» **EXTRACTED INFORMATION**:
(* Let $Q$ be an automorphic loop satisfying condition (C) (for all $a,b\in Q$: $a(ab)=(ba)a$ if and only if $ab=ba$), and let $x,y\in Q$. If $x(xy)=(yx)x$, then the subloop $\langle x,y\rangle$ generated by $x$ and $y$ is commutative.
   Context: A loop is a set with a binary operation in which all equations $ax=b$, $ya=b$ are uniquely solvable and which has a two-sided identity. For $a\in L$, $R_a:x\mapsto xa$, $L_a:x\mapsto ax$; the inner mapping group is the stabilizer of the identity in the group generated by all $R_a,L_a$. A loop is automorphic if every inner mapping is an automorphism. The subloop generated by a subset $S$ is the intersection of all subloops containing $S$. *)

Section Loops.
Variable T : Type.
Variable mul : T -> T -> T.
Variable e : T.

Definition is_loop : Prop :=
  (forall a b : T, exists! x : T, mul a x = b) /\
  (forall a b : T, exists! y : T, mul y a = b) /\
  (forall x : T, mul e x = x /\ mul x e = x).

(* A permutation is recorded
   together with its inverse: [mlt f g] means f is in the group and g is
   its inverse map. *)
Inductive mlt : (T -> T) -> (T -> T) -> Prop :=
  | mlt_id : mlt (fun x => x) (fun x => x)
  | mlt_R : forall (a : T) (g : T -> T),
      (forall x, g (mul x a) = x) -> (forall x, mul (g x) a = x) ->
      mlt (fun x => mul x a) g
  | mlt_L : forall (a : T) (g : T -> T),
      (forall x, g (mul a x) = x) -> (forall x, mul a (g x) = x) ->
      mlt (fun x => mul a x) g
  | mlt_comp : forall f g f' g', mlt f g -> mlt f' g' ->
      mlt (fun x => f (f' x)) (fun x => g' (g x))
  | mlt_inv : forall f g, mlt f g -> mlt g f.

Definition inner_mapping (f : T -> T) : Prop :=
  (exists g, mlt f g) /\ f e = e.

(* Automorphic loop: every inner mapping is an automorphism
   (inner mappings are bijections, so it suffices that they are
   multiplicative). *)
Definition automorphic : Prop :=
  forall f : T -> T, inner_mapping f ->
    forall x y : T, f (mul x y) = mul (f x) (f y).

Definition subloop (S : T -> Prop) : Prop :=
  S e /\
  (forall a b, S a -> S b -> S (mul a b)) /\
  (forall a b x, S a -> S b -> mul a x = b -> S x) /\
  (forall a b y, S a -> S b -> mul y a = b -> S y).

Definition gen2 (x y : T) (z : T) : Prop :=
  forall S : T -> Prop, subloop S -> S x -> S y -> S z.

Definition condC : Prop :=
  forall a b : T, mul a (mul a b) = mul (mul b a) a <-> mul a b = mul b a.

End Loops.
Arguments is_loop {T}. Arguments automorphic {T}. Arguments condC {T}. Arguments gen2 {T}. Arguments subloop {T}. Arguments inner_mapping {T}. Arguments mlt {T}.

(* In an automorphic loop the inner mapping z |-> u \ (z u) is an automorphism,
   so its fixed points, i.e. the elements commuting with u, form a subloop.
   By (C) the hypothesis says that x and y commute.  Then every u in <x,y>
   commutes with x and with y, since both centralizers are subloops containing
   x and y; hence the centralizer of u contains x and y, and with them all of
   <x,y>. *)

From Stdlib Require Import ClassicalEpsilon.

Section Loop.
Variables (T : Type) (mul : T -> T -> T) (e : T).
Hypothesis Hloop : is_loop mul e.

Lemma mul_left_cancel (a x x' : T) : mul a x = mul a x' -> x = x'.
Proof.
  intro H. destruct Hloop as [Hl _].
  destruct (Hl a (mul a x)) as [w [_ Hw]].
  rewrite <- (Hw x eq_refl). apply Hw. symmetry; exact H.
Qed.

Lemma mul_right_cancel (a y y' : T) : mul y a = mul y' a -> y = y'.
Proof.
  intro H. destruct Hloop as [_ [Hr _]].
  destruct (Hr a (mul y a)) as [w [_ Hw]].
  rewrite <- (Hw y eq_refl). apply Hw. symmetry; exact H.
Qed.

Lemma left_division (a : T) : exists g : T -> T,
  (forall z, g (mul a z) = z) /\ (forall z, mul a (g z) = z).
Proof.
  destruct Hloop as [Hl _].
  destruct (choice (fun b x => mul a x = b)) as [g Hg].
  { intro b. destruct (Hl a b) as [x [Hx _]]. exists x; exact Hx. }
  exists g; split; [|exact Hg].
  intro z. apply (mul_left_cancel a). apply Hg.
Qed.

Lemma right_division (a : T) : exists g : T -> T,
  (forall z, g (mul z a) = z) /\ (forall z, mul (g z) a = z).
Proof.
  destruct Hloop as [_ [Hr _]].
  destruct (choice (fun b y => mul y a = b)) as [g Hg].
  { intro b. destruct (Hr a b) as [y [Hy _]]. exists y; exact Hy. }
  exists g; split; [|exact Hg].
  intro z. apply (mul_right_cancel a). apply Hg.
Qed.

Lemma subloop_ext (P Q : T -> Prop) :
  (forall z, P z <-> Q z) -> subloop mul e P -> subloop mul e Q.
Proof.
  intros HPQ [He [Hmul [Hldiv Hrdiv]]].
  split; [| split; [| split]].
  - apply HPQ, He.
  - intros a b Ha Hb. apply HPQ, Hmul; apply HPQ; assumption.
  - intros a b x Ha Hb Hx. apply HPQ, (Hldiv a b); [apply HPQ..|]; assumption.
  - intros a b y Ha Hb Hy. apply HPQ, (Hrdiv a b); [apply HPQ..|]; assumption.
Qed.

Lemma fixed_points_subloop (f : T -> T) :
  f e = e -> (forall a b, f (mul a b) = mul (f a) (f b)) ->
  subloop mul e (fun z => f z = z).
Proof.
  intros Hfe Hfmul.
  split; [exact Hfe | split; [| split]].
  - intros a b Ha Hb. rewrite Hfmul, Ha, Hb. reflexivity.
  - intros a b x Ha Hb Hx. apply (mul_left_cancel a).
    rewrite <- Ha at 1. rewrite <- Hfmul, Hx. exact Hb.
  - intros a b y Ha Hb Hy. apply (mul_right_cancel a).
    rewrite <- Ha at 1. rewrite <- Hfmul, Hy. exact Hb.
Qed.

Lemma centralizer_fixed_by_inner_mapping (u : T) : exists f : T -> T,
  inner_mapping mul e f /\ forall z, f z = z <-> mul z u = mul u z.
Proof.
  destruct (left_division u) as [Li [Li_mul mul_Li]].
  destruct (right_division u) as [Ri [Ri_mul mul_Ri]].
  destruct Hloop as [_ [_ Hid]].
  exists (fun z => Li (mul z u)); split; [split|].
  - exists (fun z => Ri (mul u z)).
    exact (mlt_comp T mul _ _ _ _ (mlt_inv T mul _ _ (mlt_L T mul u Li Li_mul mul_Li))
             (mlt_R T mul u Ri Ri_mul mul_Ri)).
  - rewrite (proj1 (Hid u)), <- (proj2 (Hid u)) at 1. apply Li_mul.
  - intro z; split; intro Hz.
    + rewrite <- Hz at 2. symmetry. apply mul_Li.
    + rewrite Hz. apply Li_mul.
Qed.

Hypothesis Haut : automorphic mul e.

Lemma centralizer_subloop (u : T) : subloop mul e (fun z => mul z u = mul u z).
Proof.
  destruct (centralizer_fixed_by_inner_mapping u) as [f [Hf Hfix]].
  apply (subloop_ext (fun z => f z = z)); [exact Hfix |].
  exact (fixed_points_subloop f (proj2 Hf) (Haut f Hf)).
Qed.

Lemma gen2_commutative (x y : T) : mul x y = mul y x ->
  forall u v, gen2 mul e x y u -> gen2 mul e x y v -> mul u v = mul v u.
Proof.
  intros Hxy u v Hu Hv.
  assert (Hux : mul u x = mul x u)
    by (apply (Hu _ (centralizer_subloop x)); [reflexivity | symmetry; exact Hxy]).
  assert (Huy : mul u y = mul y u)
    by (apply (Hu _ (centralizer_subloop y)); [exact Hxy | reflexivity]).
  symmetry. apply (Hv _ (centralizer_subloop u)); symmetry; assumption.
Qed.

End Loop.

Theorem lemma3p3 (T : Type) (mul : T -> T -> T) (e : T)
  (Hloop : is_loop mul e) (Haut : automorphic mul e) (HC : condC mul)
  (x y : T) (Hxy : mul x (mul x y) = mul (mul y x) x) :
  forall u v : T, gen2 mul e x y u -> gen2 mul e x y v -> mul u v = mul v u.
Proof.
  apply (gen2_commutative T mul e Hloop Haut).
  apply (HC x y). exact Hxy.
Qed.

» **WHAT TO WORK ON**:
Please copy all lines of the listing in which the string "Hrdiv" occurs.

» **FINISHED TASK**:
  intros HPQ [He [Hmul [Hldiv Hrdiv]]].
  - intros a b y Ha Hb Hy. apply HPQ, (Hrdiv a b); [apply HPQ..|]; assumption.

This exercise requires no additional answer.